(Data supplied)

(* Let $n\ge2$, $\epsilon\in(0,1)$, let $Q^0\in\mathbb{S}^n$ with $Q^0_i>0$ for all $i$, let $\widehat{P}\in\mathbb{S}^n$ be fixed (not varying with $p$), take $\mathcal{Q}=\{Q^0\}$, and for each $p$ let $\alpha_{\mathrm{L}}=\alpha_{\mathrm{L}}(p)$ be as defined below. Then $$\alpha_{\mathrm{L}}\le\kappa(\widehat{P}\,\|\,Q^0)\qquad\text{and}\qquad\lim_{p\to\infty}\alpha_{\mathrm{L}}=\kappa(\widehat{P}\,\|\,Q^0).$$
   Context: $\mathbb{S}^n=\{P\in\mathbb{R}^n:\sum_iP_i=1,\ P_i\ge0\}$. $D(P\|Q)=\sum_iP_i\log(P_i/Q_i)$. The separation distance is $\kappa(P\|Q)=\max_{i\in[n]}\left(1-\frac{P_i}{Q_i}\right)$. For $\alpha\in[0,1]$ let $\mathcal{P}(\widehat{P},\alpha)=\{P\in\mathbb{S}^n: P_i\le \widehat{P}_i/(1-\alpha),\ i=1,\dots,n\}$ and $D^*_\alpha=\min_{P\in\mathcal{P}(\widehat{P},\alpha),\,Q\in\mathcal{Q}}D(P\|Q)=\min_{P\in\mathcal{P}(\widehat{P},\alpha)}D(P\|Q^0)$. Define $$\alpha_{\mathrm{L}}=\max\left\{\alpha:\ D^*_\alpha\ \ge\ \frac{1}{p(1-\alpha)}\log\left(\frac1\epsilon\right)+\frac{2n}{p(1-\alpha)}\log\big(p(1-\alpha)+1\big)\right\}.$$ *)

From HB Require Import structures.
From mathcomp Require Import all_boot all_order all_algebra.
From mathcomp Require Import all_classical all_reals all_analysis.
Set Implicit Arguments. Unset Strict Implicit. Unset Printing Implicit Defensive.
Import Order.TTheory GRing.Theory Num.Theory.
Import numFieldNormedType.Exports.
Local Open Scope classical_set_scope.
Local Open Scope ring_scope.

Section Defs.
Variables (R : realType) (n : nat).

Definition simplex (P : 'I_n -> R) : Prop :=
  (forall i, 0 <= P i) /\ \sum_(i < n) P i = 1.

(** KL divergence D(P||Q) = sum_i P_i log(P_i/Q_i); note ln 0 = 0 in
    mathcomp-analysis, so terms with P_i = 0 contribute 0 (0 log 0 = 0). *)
Definition KL (P Q : 'I_n -> R) : R := \sum_(i < n) P i * ln (P i / Q i).

Definition kappa (P Q : 'I_n -> R) : R :=
  sup [set 1 - P i / Q i | i in [set: 'I_n]].

Definition ambig (Phat : 'I_n -> R) (a : R) : set ('I_n -> R) :=
  [set P | simplex P /\ forall i, P i <= Phat i / (1 - a)].

Definition Dstar (Phat Q0 : 'I_n -> R) (a : R) : R :=
  inf [set KL P Q0 | P in ambig Phat a].

Definition rhsL (eps p a : R) : R :=
  (p * (1 - a))^-1 * ln (eps^-1)
  + (2 * n%:R) / (p * (1 - a)) * ln (p * (1 - a) + 1).

(** alpha_L(p) = max{alpha : D*_alpha >= rhs}; alpha ranges over [0,1)
    (at alpha = 1 the rhs is +infinity).  Written as a sup (equal to the max
    when the set is nonempty; sup of the empty set is 0 by convention). *)
Definition alphaL (Phat Q0 : 'I_n -> R) (eps p : R) : R :=
  sup [set a : R | 0 <= a < 1 /\ rhsL eps p a <= Dstar Phat Q0 a].

End Defs.

From HB Require Import structures.
From mathcomp Require Import all_boot all_order all_algebra.
From mathcomp Require Import all_classical all_reals all_analysis.
From mathcomp Require Import ring lra.
Import Order.TTheory GRing.Theory Num.Theory.
Import numFieldNormedType.Exports.
Local Open Scope classical_set_scope.
Local Open Scope ring_scope.

(** The squared Hellinger distance bounds the KL divergence from below, and
    every [P] in the ambiguity set of radius [a < kappa] has a coordinate
    [P_j <= c Q0_j] with [c < 1] fixed by [Phat], [Q0] and [a]; so [D*_a] is
    bounded away from [0].  For [a >= kappa] the reference distribution [Q0]
    itself is admissible, so [D*_a = 0] lies below the (positive) right-hand
    side and [alpha_L <= kappa].  Since the right-hand side decays like
    [ln p / p], every [a < kappa] is admissible for large [p], which squeezes
    [alpha_L] to [kappa]. *)

Lemma ln_le_subr1 {R : realType} {y : R} : 0 < y -> ln y <= y - 1.
Proof.
move=> y_gt0; have := @le_ln1Dx R (y - 1).
by rewrite addrCA subrr addr0; apply; rewrite ltrBrDl; lra.
Qed.

Lemma sup_ge0 {R : realType} (E : set R) :
  (forall x, E x -> 0 <= x) -> 0 <= sup E.
Proof.
move=> E_ge0; have [supE|/sup_out -> //] := pselect (has_sup E).
have [x Ex] := supE.1.
exact: le_trans (E_ge0 x Ex) (sup_upper_bound supE Ex).
Qed.

Lemma sup_le_ub_ge0 {R : realType} (E : set R) (b : R) :
  0 <= b -> ubound E b -> sup E <= b.
Proof.
move=> b_ge0 Eb.
by have [->|/set0P E_neq0] := eqVneq E set0; [rewrite sup0 | exact: ge_sup].
Qed.

Lemma cvg_from_below {R : realType} {T : Type} {F : set_system T}
    {FF : Filter F} (f : T -> R) (l : R) :
  (\forall t \near F, f t <= l) ->
  (forall a, a < l -> \forall t \near F, a <= f t) -> f @ F --> l.
Proof.
move=> f_le_l f_near_l; apply/cvgrPdist_lt => e e_gt0.
have l_e : l - e / 2 < l by rewrite ltrBlDr ltrDl divr_gt0.
apply: filterS2 f_le_l (f_near_l _ l_e) => t ft_le ft_ge.
by rewrite ger0_norm ?subr_ge0 //; lra.
Qed.

Lemma ln1D_le_sqrt {R : realType} {s : R} :
  0 <= s -> ln (s + 1) <= 2 * Num.sqrt s.
Proof.
move=> s_ge0.
have r_gt0 : 0 < Num.sqrt (s + 1) by rewrite sqrtr_gt0; lra.
have -> : s + 1 = Num.sqrt (s + 1) ^+ 2 by rewrite sqr_sqrtr //; lra.
rewrite lnXn //.
have : Num.sqrt (s + 1) <= Num.sqrt s + 1.
  rewrite -(ger0_norm (addr_ge0 (sqrtr_ge0 s) ler01)) -sqrtr_sqr.
  by apply: ler_wsqrtr; rewrite sqrrD1 sqr_sqrtr //; have := sqrtr_ge0 s; lra.
have := ln_le_subr1 r_gt0; rewrite mulr2n; lra.
Qed.

(* L / s + N ln (s + 1) / s <= d once s >= 2 L / d and sqrt s >= 4 N / d. *)
Lemma ln1D_div_near_le {R : realType} (L N d : R) : 0 <= L -> 0 <= N -> 0 < d ->
  \forall s \near +oo, s^-1 * L + N / s * ln (s + 1) <= d.
Proof.
move=> L_ge0 N_ge0 d_gt0.
have Ld_ge0 : 0 <= 2 * L / d by rewrite divr_ge0 ?mulr_ge0 // ltW.
have Nd_ge0 : 0 <= 4 * N / d by rewrite divr_ge0 ?mulr_ge0 // ltW.
exists (2 * L / d + (4 * N / d) ^+ 2); split; first by rewrite num_real.
move=> s S_lt_s.
have Nd2_ge0 := sqr_ge0 (4 * N / d).
have s_gt0 : 0 < s by lra.
have es : Num.sqrt s ^+ 2 = s by rewrite sqr_sqrtr // ltW.
have L_le : 2 * L <= d * s by rewrite -ler_pdivrMl // mulrC; lra.
have N_le : 4 * N <= d * Num.sqrt s.
  rewrite -ler_pdivrMl // mulrC -(ger0_norm Nd_ge0) -sqrtr_sqr.
  by apply: ler_wsqrtr; lra.
have ln_le := ler_wpM2l N_ge0 (ln1D_le_sqrt (ltW s_gt0)).
have -> : s^-1 * L + N / s * ln (s + 1) = (L + N * ln (s + 1)) / s.
  by field; rewrite gt_eqF.
rewrite ler_pdivrMr //.
have := ler_wpM2r (sqrtr_ge0 s) N_le; rewrite -[d * _ * _]mulrA -expr2 es.
lra.
Qed.

Lemma hellinger_le_mul_ln {R : realType} (P Q : R) : 0 <= P -> 0 < Q ->
  (Num.sqrt P - Num.sqrt Q) ^+ 2 + (P - Q) <= P * ln (P / Q).
Proof.
move=> P_ge0 Q_gt0.
have eQ := sqr_sqrtr (ltW Q_gt0); have eP := sqr_sqrtr P_ge0.
have sQ_gt0 : 0 < Num.sqrt Q by rewrite sqrtr_gt0.
have -> : (Num.sqrt P - Num.sqrt Q) ^+ 2 + (P - Q)
    = 2 * P - 2 * Num.sqrt P * Num.sqrt Q by rewrite sqrrB eP eQ; ring.
have [->|P_neq0] := eqVneq P 0; first by rewrite sqrtr0; lra.
have sP_gt0 : 0 < Num.sqrt P by rewrite sqrtr_gt0 lt_def P_neq0.
set r := Num.sqrt Q / Num.sqrt P.
have r_gt0 : 0 < r by rewrite divr_gt0.
have eln : ln (P / Q) = - (ln r *+ 2).
  rewrite -lnXn // -lnV ?posrE ?exprn_gt0 //.
  by rewrite /r expr_div_n eP eQ invf_div.
have P_mul_r : P * r = Num.sqrt P * Num.sqrt Q.
  by rewrite /r -{1}eP; field; rewrite gt_eqF.
have := ln_le_subr1 r_gt0.
rewrite eln mulrN mulrnAr -mulNrn; nra.
Qed.

Lemma sqr_sqrt_gap_ge {R : realType} (P Q c : R) :
  0 <= P -> 0 < Q -> P <= c * Q -> c < 1 ->
  (1 - c) ^+ 2 * Q / 4 <= (Num.sqrt P - Num.sqrt Q) ^+ 2.
Proof.
move=> P_ge0 Q_gt0 PcQ c_lt1.
have eQ := sqr_sqrtr (ltW Q_gt0); have eP := sqr_sqrtr P_ge0.
have sQ_gt0 : 0 < Num.sqrt Q by rewrite sqrtr_gt0.
have sP_ge0 : 0 <= Num.sqrt P by [].
set s := Num.sqrt Q in eQ sQ_gt0 *; set t := Num.sqrt P in eP sP_ge0 *.
rewrite -eQ -eP in PcQ; rewrite -eQ.
have ts2 : t ^+ 2 <= s ^+ 2.
  have : 0 <= (1 - c) * s ^+ 2 by rewrite mulr_ge0 ?sqr_ge0 // subr_ge0 ltW.
  lra.
have ts : t <= s by rewrite -ler_sqr ?nnegrE // ltW.
(* (1 - c) s^2 <= s^2 - t^2 = (s - t)(s + t) <= 2 s (s - t) *)
have gap : (1 - c) * s <= 2 * (s - t) by nra.
have : 0 <= (1 - c) * s by rewrite mulr_ge0 ?subr_ge0 ?ltW.
nra.
Qed.

Section KullbackLeibler.
Context {R : realType} {n : nat} {Q : 'I_n -> R}.
Hypotheses (Q_gt0 : forall i, 0 < Q i) (sumQ1 : \sum_(i < n) Q i = 1).

Lemma KL_ge_hellinger (P : 'I_n -> R) : simplex P ->
  \sum_(i < n) (Num.sqrt (P i) - Num.sqrt (Q i)) ^+ 2 <= KL P Q.
Proof.
move=> [P_ge0 sumP1].
have : \sum_(i < n) ((Num.sqrt (P i) - Num.sqrt (Q i)) ^+ 2 + (P i - Q i))
    <= KL P Q by apply: ler_sum => i _; exact: hellinger_le_mul_ln.
by rewrite big_split /= sumrB sumP1 sumQ1 subrr addr0.
Qed.

Lemma KL_ge0 (P : 'I_n -> R) : simplex P -> 0 <= KL P Q.
Proof.
move=> P_simplex; apply: (le_trans _ (KL_ge_hellinger _ P_simplex)).
by apply: sumr_ge0 => i _; exact: sqr_ge0.
Qed.

Lemma KL_self : KL Q Q = 0.
Proof. by apply: big1 => i _; rewrite divff ?ln1 ?mulr0 // gt_eqF. Qed.

Lemma KL_ge_coord_gap (P : 'I_n -> R) (j : 'I_n) (c : R) :
  simplex P -> P j <= c * Q j -> c < 1 -> (1 - c) ^+ 2 * Q j / 4 <= KL P Q.
Proof.
move=> P_simplex PcQ c_lt1; apply: (le_trans _ (KL_ge_hellinger _ P_simplex)).
rewrite (bigD1 j) //= -[X in X <= _]addr0; apply: lerD.
  by apply: sqr_sqrt_gap_ge => //; case: P_simplex.
by apply: sumr_ge0 => i _; exact: sqr_ge0.
Qed.

End KullbackLeibler.

Section SeparationDistance.
Context {R : realType} {n : nat} {P Q : 'I_n -> R}.
Hypotheses (P_ge0 : forall i, 0 <= P i) (Q_gt0 : forall i, 0 < Q i).

Let ratios := [set 1 - P i / Q i | i in [set: 'I_n]].

Let ratios_le1 : ubound ratios 1.
Proof. by move=> _ [i _ <-]; rewrite lerBlDr lerDl divr_ge0 // ltW. Qed.

Lemma kappa_ge (i : 'I_n) : 1 - P i / Q i <= kappa P Q.
Proof.
apply: sup_upper_bound; last by exists i.
by split; [exists (1 - P i / Q i); exists i | exists 1; exact: ratios_le1].
Qed.

Hypothesis n_gt0 : (0 < n)%N.

Let ratios_neq0 : ratios !=set0.
Proof.
by exists (1 - P (Ordinal n_gt0) / Q (Ordinal n_gt0)); exists (Ordinal n_gt0).
Qed.

Lemma kappa_le1 : kappa P Q <= 1.
Proof. exact: ge_sup ratios_neq0 ratios_le1. Qed.

Lemma kappa_gtP (a : R) : a < kappa P Q -> exists j, a < 1 - P j / Q j.
Proof. by move=> /(sup_gt ratios_neq0)[_ [j _ <-]]; exists j. Qed.

Lemma kappa_ge0 : \sum_(i < n) P i = 1 -> \sum_(i < n) Q i = 1 ->
  0 <= kappa P Q.
Proof.
move=> sumP1 sumQ1.
have [i PQ] : exists i, P i <= Q i.
  apply: contrapT => /forallNP PgtQ.
  suff : \sum_(i < n) Q i < \sum_(i < n) P i by rewrite sumP1 sumQ1 ltxx.
  apply: ltr_sum => [|i _]; last by rewrite ltNge; apply/negP/PgtQ.
  by apply/hasP; exists (Ordinal n_gt0); rewrite ?mem_index_enum.
by apply: le_trans (kappa_ge i); rewrite subr_ge0 ler_pdivrMr // mul1r.
Qed.

End SeparationDistance.

Section OptimalDivergence.
Context {R : realType} {n : nat} {Q0 Phat : 'I_n -> R}.
Hypotheses (Q0_gt0 : forall i, 0 < Q0 i) (sumQ0 : \sum_(i < n) Q0 i = 1).
Hypothesis Phat_simplex : simplex Phat.

Lemma ambig_self (a : R) : 0 <= a < 1 -> ambig Phat a Phat.
Proof.
move=> /andP[a_ge0 a_lt1]; split=> // i.
have Phat_ge0 := Phat_simplex.1 i.
by rewrite ler_pdivlMr ?subr_gt0 //; nra.
Qed.

Lemma Dstar_le0 (a : R) : kappa Phat Q0 <= a -> a < 1 -> Dstar Phat Q0 a <= 0.
Proof.
move=> kappa_le_a a_lt1.
have Q0_ambig : ambig Phat a Q0.
  split=> [|i]; first by split=> // i; exact: ltW.
  have := le_trans (kappa_ge Phat_simplex.1 Q0_gt0 i) kappa_le_a.
  by rewrite ler_pdivlMr ?subr_gt0 // lerBlDr -lerBlDl ler_pdivlMr // mulrC.
rewrite -(KL_self Q0_gt0); apply: ge_inf; last by exists Q0.
by exists 0 => _ [P [P_simplex _] <-]; exact: KL_ge0.
Qed.

Hypothesis n_gt0 : (0 < n)%N.

Lemma Dstar_gt0 (a : R) : 0 <= a -> a < kappa Phat Q0 ->
  exists2 d, 0 < d & d <= Dstar Phat Q0 a.
Proof.
move=> a_ge0 a_lt_kappa.
have a_lt1 := lt_le_trans a_lt_kappa (kappa_le1 Phat_simplex.1 Q0_gt0 n_gt0).
have [j a_lt_ratio] := kappa_gtP n_gt0 _ a_lt_kappa.
have Q0j_gt0 := Q0_gt0 j.
set c := Phat j / ((1 - a) * Q0 j).
have c_lt1 : c < 1.
  have : Phat j / Q0 j < 1 - a by lra.
  by rewrite ltr_pdivrMr // ltr_pdivrMr ?mulr_gt0 ?subr_gt0 // mul1r.
have cQ0 : c * Q0 j = Phat j / (1 - a).
  by rewrite /c; field; rewrite !gt_eqF ?subr_gt0.
exists ((1 - c) ^+ 2 * Q0 j / 4).
  by rewrite divr_gt0 // mulr_gt0 // exprn_gt0 // subr_gt0.
apply: lb_le_inf.
  by exists (KL Phat Q0), Phat => //; apply: ambig_self; rewrite a_ge0.
by move=> _ [P [P_simplex P_le] <-]; apply: KL_ge_coord_gap; rewrite ?cQ0.
Qed.

End OptimalDivergence.

Lemma rhsL_gt0 {R : realType} (n : nat) {eps p a : R} :
  0 < eps < 1 -> 0 < p -> a < 1 -> 0 < rhsL n eps p a.
Proof.
move=> /andP[eps_gt0 eps_lt1] p_gt0 a_lt1.
have s_gt0 : 0 < p * (1 - a) by rewrite mulr_gt0 ?subr_gt0.
have first_gt0 : 0 < (p * (1 - a))^-1 * ln eps^-1.
  by rewrite mulr_gt0 ?invr_gt0 ?ln_gt0 // invf_gt1.
have second_ge0 : 0 <= 2 * n%:R / (p * (1 - a)) * ln (p * (1 - a) + 1).
  by rewrite mulr_ge0 ?divr_ge0 ?mulr_ge0 ?ln_ge0 ?ler0n ?ltW //; lra.
rewrite /rhsL; lra.
Qed.

Lemma rhsL_near_le {R : realType} (n : nat) {eps a d : R} :
  0 < eps < 1 -> a < 1 -> 0 < d -> \forall p \near +oo, rhsL n eps p a <= d.
Proof.
move=> /andP[eps_gt0 eps_lt1] a_lt1 d_gt0.
have L_ge0 : 0 <= ln eps^-1 by rewrite ln_ge0 // invf_ge1 // ltW.
have N_ge0 : 0 <= 2 * n%:R :> R by rewrite mulr_ge0.
have [S [_ S_le]] := ln1D_div_near_le _ _ _ L_ge0 N_ge0 d_gt0.
have a1_gt0 : 0 < 1 - a by rewrite subr_gt0.
exists (S / (1 - a)); split; first by rewrite num_real.
by move=> p; rewrite ltr_pdivrMr // => /S_le.
Qed.

Section AlphaL.
Context {R : realType} {n : nat} {eps : R} {Q0 Phat : 'I_n -> R}.
Hypotheses (eps01 : 0 < eps < 1) (n_gt0 : (0 < n)%N).
Hypotheses (Q0_gt0 : forall i, 0 < Q0 i) (sumQ0 : \sum_(i < n) Q0 i = 1).
Hypothesis Phat_simplex : simplex Phat.

Lemma alphaL_ge0 (p : R) : 0 <= alphaL Phat Q0 eps p.
Proof. by apply: sup_ge0 => a [/andP[]]. Qed.

Lemma alphaL_le_kappa (p : R) : 0 < p -> alphaL Phat Q0 eps p <= kappa Phat Q0.
Proof.
move=> p_gt0; apply: sup_le_ub_ge0.
  by apply: kappa_ge0 => //; [exact: Phat_simplex.1 | exact: Phat_simplex.2].
move=> a [/andP[a_ge0 a_lt1] rhs_le_D]; rewrite leNgt; apply/negP => kappa_lt_a.
have := Dstar_le0 Q0_gt0 sumQ0 Phat_simplex _ (ltW kappa_lt_a) a_lt1.
have := rhsL_gt0 n eps01 p_gt0 a_lt1; lra.
Qed.

Lemma alphaL_near_ge (a : R) : a < kappa Phat Q0 ->
  \forall p \near +oo, a <= alphaL Phat Q0 eps p.
Proof.
move=> a_lt_kappa; have [a_lt0|a_ge0] := ltP a 0.
  by apply: nearW => p; exact: le_trans (ltW a_lt0) (alphaL_ge0 p).
have a_lt1 := lt_le_trans a_lt_kappa (kappa_le1 Phat_simplex.1 Q0_gt0 n_gt0).
have [d d_gt0 d_le_D] :=
  Dstar_gt0 Q0_gt0 sumQ0 Phat_simplex n_gt0 _ a_ge0 a_lt_kappa.
apply: filterS (rhsL_near_le n eps01 a_lt1 d_gt0) => p rhs_le_d.
have a_adm : [set b : R | 0 <= b < 1 /\ rhsL n eps p b <= Dstar Phat Q0 b] a.
  by split; [rewrite a_ge0 | exact: le_trans d_le_D].
apply: (sup_upper_bound _ a_adm); split; first by exists a.
by exists 1 => b [/andP[_ /ltW]].
Qed.

End AlphaL.

Theorem theorem6 (R : realType) (n : nat) (eps : R) (Q0 Phat : 'I_n -> R) :
  (2 <= n)%N -> 0 < eps < 1 ->
  simplex Q0 -> (forall i, 0 < Q0 i) -> simplex Phat ->
  (forall p : R, 0 < p -> alphaL Phat Q0 eps p <= kappa Phat Q0) /\
  (alphaL Phat Q0 eps p @[p --> +oo] --> kappa Phat Q0).
Proof.
move=> n_ge2 eps01 [_ sumQ0] Q0_gt0 Phat_simplex.
have n_gt0 : (0 < n)%N by exact: leq_trans n_ge2.
have le_kappa := alphaL_le_kappa eps01 n_gt0 Q0_gt0 sumQ0 Phat_simplex.
split=> //; apply: cvg_from_below => [|a]; last exact: alphaL_near_ge.
by apply: filterS (nbhs_pinfty_gt (num_real 0)); exact: le_kappa.
Qed.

(End Data supplied)

- _Task_:
Look through the entries above and report each line where the string "mulrC" occurs.

- _Result for this task_:
have L_le : 2 * L <= d * s by rewrite -ler_pdivrMl // mulrC; lra.
  rewrite -ler_pdivrMl // mulrC -(ger0_norm Nd_ge0) -sqrtr_sqr.
  by rewrite ler_pdivlMr ?subr_gt0 // lerBlDr -lerBlDl ler_pdivlMr // mulrC.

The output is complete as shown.